More than 100 women die from breast cancer every day in the United States. The odds increase in postmenopausal women who have taken a combined estrogen and progestin hormone replacement therapy; these women also have an increased risk of developing progestin-accelerated breast tumors. Now, University of Missouri researchers have found that luteolin, a natural compound found in herbs such as thyme and parsley as well as vegetables such as celery and broccoli, could reduce the cancer risk for women who have taken hormone replacement therapy.
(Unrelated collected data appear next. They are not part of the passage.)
Lemma schatten_inf_le_dual (K : R) m n (T : 'M[C]_(m, n)) :
  0 <= K -> (forall Y, cre (\tr (Y^t* *m T)) <= K * schatten 1 Y) ->
  schatten_inf T <= K.
Proof.
move=> K0 dual; rewrite /schatten_inf.
elim/big_ind: _ => // [x y x_le y_le|j _]; first by rewrite ge_max x_le.
change (singval T j <= K).
pose g i : R := (i == j)%:R.
have g_sum (F : 'I_n -> R) : \sum_i g i * F i = F j.
  rewrite (bigD1 j) // big1 => [|i /negbTE ji]; last by rewrite /g ji mul0r.
  by rewrite /g eqxx mul1r /= addr0.
have := dual (singular_rescale T g).
rewrite trace_singular_rescale schatten_singular_rescale => [|i]; last exact: ler0n.
rewrite lpnorm1 => [|i]; last by rewrite mulr_ge0 ?ler0n ?singval_ge0.
rewrite !g_sum.
have [->|sj_neq0] := eqVneq (singval T j) 0; first by [].
by rewrite expr2 ler_pM2r // lt_def sj_neq0 singval_ge0.
Qed.

End SchattenDuality.

Section BlockCompression.
Variable R : realType.
Local Notation C := R[i].

Lemma blockT_submxrow N m1 m2 (q : 'I_N -> nat) (Y : 'M[C]_(m1 + m2, \sum_k q k)) :
  Y = blockT (submxrow (usubmx Y)) (submxrow (dsubmx Y)).
Proof. by rewrite /blockT !submxrowK vsubmxK. Qed.

Lemma adj_mxrow N m (q : 'I_N -> nat) (S : forall k, 'M[C]_(m, q k)) :
  (\mxrow_k S k)^t* = \mxcol_k (S k)^t*.
Proof. by apply/matrixP => i j; rewrite !mxE. Qed.

Lemma mxtrace_adj_blockT N m1 m2 (q : 'I_N -> nat)
    (A S : forall k, 'M[C]_(m1, q k)) (B Rb : forall k, 'M[C]_(m2, q k)) :
  \tr ((blockT S Rb)^t* *m blockT A B)
  = \sum_k (\tr ((S k)^t* *m A k) + \tr ((Rb k)^t* *m B k)).
Proof.
rewrite /blockT tr_col_mx map_row_mx mul_row_col mxtraceD !adj_mxrow.
by rewrite !mul_mxcol_mxrow !mxtrace_mxblock big_split.
Qed.

Lemma cre_mxtrace_adj_compress (f g : forall m n, 'M[C]_(m, n) -> R) N m1 m2
    (q : 'I_N -> nat) (A S : forall k, 'M[C]_(m1, q k)) (B Rb : forall k, 'M[C]_(m2, q k)) :
  cre (\tr ((compress_with g S Rb)^t* *m compress_with f A B))
  = \sum_k (f _ _ (A k) * g _ _ (S k) + f _ _ (B k) * g _ _ (Rb k)).
Proof.
rewrite /mxtrace cre_sum; apply: eq_bigr => k _.
rewrite mxE !big_ord_recl big_ord0 addr0 !creD !mxE /=.
by rewrite oppr0 mul0r !subr0 mulrC [X in _ + X = _]mulrC.
Qed.

Section Duality.
Variables nx ny : forall m n, 'M[C]_(m, n) -> R.
Hypothesis holder : forall m n (X Y : 'M[C]_(m, n)), cre (\tr (Y^t* *m X)) <= nx X * ny Y.
Hypothesis nx_ge0 : forall m n (X : 'M[C]_(m, n)), 0 <= nx X.

(* Hölder blockwise, then Hölder for the compressions, then compression for [ny]. *)
Lemma compress_duality N m1 m2 (q : 'I_N -> nat)
    (A : forall k, 'M[C]_(m1, q k)) (B : forall k, 'M[C]_(m2, q k)) :
  (forall (S : forall k, 'M[C]_(m1, q k)) (Rb : forall k, 'M[C]_(m2, q k)),
      ny (compress_with ny S Rb) <= ny (blockT S Rb)) ->
  forall Y, cre (\tr (Y^t* *m blockT A B)) <= nx (compress_with nx A B) * ny Y.
Proof.
move=> ny_compress Y; rewrite [Y]blockT_submxrow.
move: (submxrow (usubmx Y)) (submxrow (dsubmx Y)) => S Rb.
apply: (@le_trans _ _ (cre (\tr ((compress_with ny S Rb)^t* *m compress_with nx A B)))).
  rewrite cre_mxtrace_adj_compress mxtrace_adj_blockT cre_sum.
  by apply: ler_sum => k _; rewrite creD lerD ?holder.
exact: le_trans (holder _ _) (ler_wpM2l (nx_ge0 _) (ny_compress S Rb)).
Qed.

End Duality.

End BlockCompression.

Theorem mainTheorem1 (R : realType) (p : R) (N : nat) :
  1 <= p -> p <= 2 -> (1 <= N)%N ->
  (forall (m1 m2 : nat) (n : 'I_N -> nat)
          (S : forall k : 'I_N, 'M[R[i]]_(m1, n k))
          (Rb : forall k : 'I_N, 'M[R[i]]_(m2, n k)),
      schatten p (compress p S Rb) <= schatten p (blockT S Rb)) ->
  (forall p' : R, 1 < p -> p^-1 + p'^-1 = 1 ->
   forall (m1 m2 : nat) (n : 'I_N -> nat)
          (A : forall k : 'I_N, 'M[R[i]]_(m1, n k))
          (B : forall k : 'I_N, 'M[R[i]]_(m2, n k)),
     schatten p' (blockT A B) <= schatten p' (compress p' A B))
  /\
  (p = 1 ->
   forall (m1 m2 : nat) (n : 'I_N -> nat)
          (A : forall k : 'I_N, 'M[R[i]]_(m1, n k))
          (B : forall k : 'I_N, 'M[R[i]]_(m2, n k)),
     schatten_inf (blockT A B) <= schatten_inf (compress_inf A B)).
Proof.
move=> _ _ _ compress_le; split.
- move=> p' p_gt1 pp' m1 m2 n A B.
  apply: (schatten_le_dual p_gt1 pp' (powR_ge0 _ _)).
  apply: (compress_duality (nx := fun m n X => schatten p' X)) (compress_le m1 m2 n).
  + by move=> ? ? X Y; exact: schatten_holder p_gt1 pp'.
  + by move=> ? ? X; exact: powR_ge0.
- move=> p1 m1 m2 n A B; rewrite p1 in compress_le.
  apply: (schatten_inf_le_dual (schatten_inf_ge0 _)).
  apply: (compress_duality (nx := fun m n X => schatten_inf X)) (compress_le m1 m2 n).
  + by move=> ? ? X Y; exact: schatten_inf_holder.
  + by move=> ? ? X; exact: schatten_inf_ge0.
Qed.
“In most circumstances, hormone replacement therapies improve the lives of menopausal women and achieve excellent results,” said Salman Hyder, the Zalk Endowed Professor in Tumor Angiogenesis and professor of biomedical sciences in the College of Veterinary Medicine and the Dalton Cardiovascular Research Center. “Nevertheless, research has proven that a higher incidence of breast cancer tumors can occur in women receiving therapies that involve a combination of the natural component estrogen and the synthetic progestin.
“Most older women normally have benign lesions in breast tissue,” Hyder said. “These lesions typically don’t form tumors until they receive the ‘trigger’ – in this case, progestin – that attracts blood vessels to cells essentially feeding the lesions causing them to expand.” His newest study shows that when the supplement luteolin is administered to human breast cancer cells in the lab, benefits can be observed including the reduction of those vessels “feeding” the cancer cells causing cancer cell death.
Hyder’s lab has found that as human breast cancer cells develop, they tend to take on stem cell-like properties, which can make them harder to kill. Here, luteolin was used to monitor stem cell-like characteristics of breast cancer cells and his team saw a vast reduction in this phenomenon, further proving that the natural compound exerts its anti-tumor effects in a variety of ways.
Then, Hyder further tested laboratory mice with breast cancer and found that blood vessel formation and stem cell-like characteristics also were reduced in vivo, or inside the body.
“We feel that luteolin can be effective when injected directly into the bloodstream, so IV supplements may still be a possibility,” Hyder said. “But, until the supplement is tested for safety and commercialized, which we hope will happen after further testing and clinical trials, women should continue consuming a healthy diet with fresh fruits and vegetables.”
The early-stage results of this research are promising. If additional studies are successful within the next few years, MU officials will request authority from the federal government to begin human drug development (this is commonly referred to as the “investigative new drug” status). After this status has been granted, researchers may conduct human clinical trials with the hope of developing new treatments for breast cancer in women who have taken combined estrogen and progestin hormone replacement therapies.
Researchers involved with the study included Matthew T. Cook, a recent doctoral graduate and research scientist at Dalton Cardiovascular Research Center; Cynthia Besch-Williford, associate professor of veterinary pathobiology; Yayun Liang, a research associate professor of biomedical sciences in the College of Veterinary Medicine at MU; and Sandy Goyette and Benford Mafuvadze, who are graduate students in biomedical sciences.
The research recently was published in the journal Springer Plus and was made possible through funding provided by the Thelma Zalk-Missouri Professorship of Tumor Angiogenesis and through the generosity of numerous donors to the Ellis Fischel Cancer Center at MU.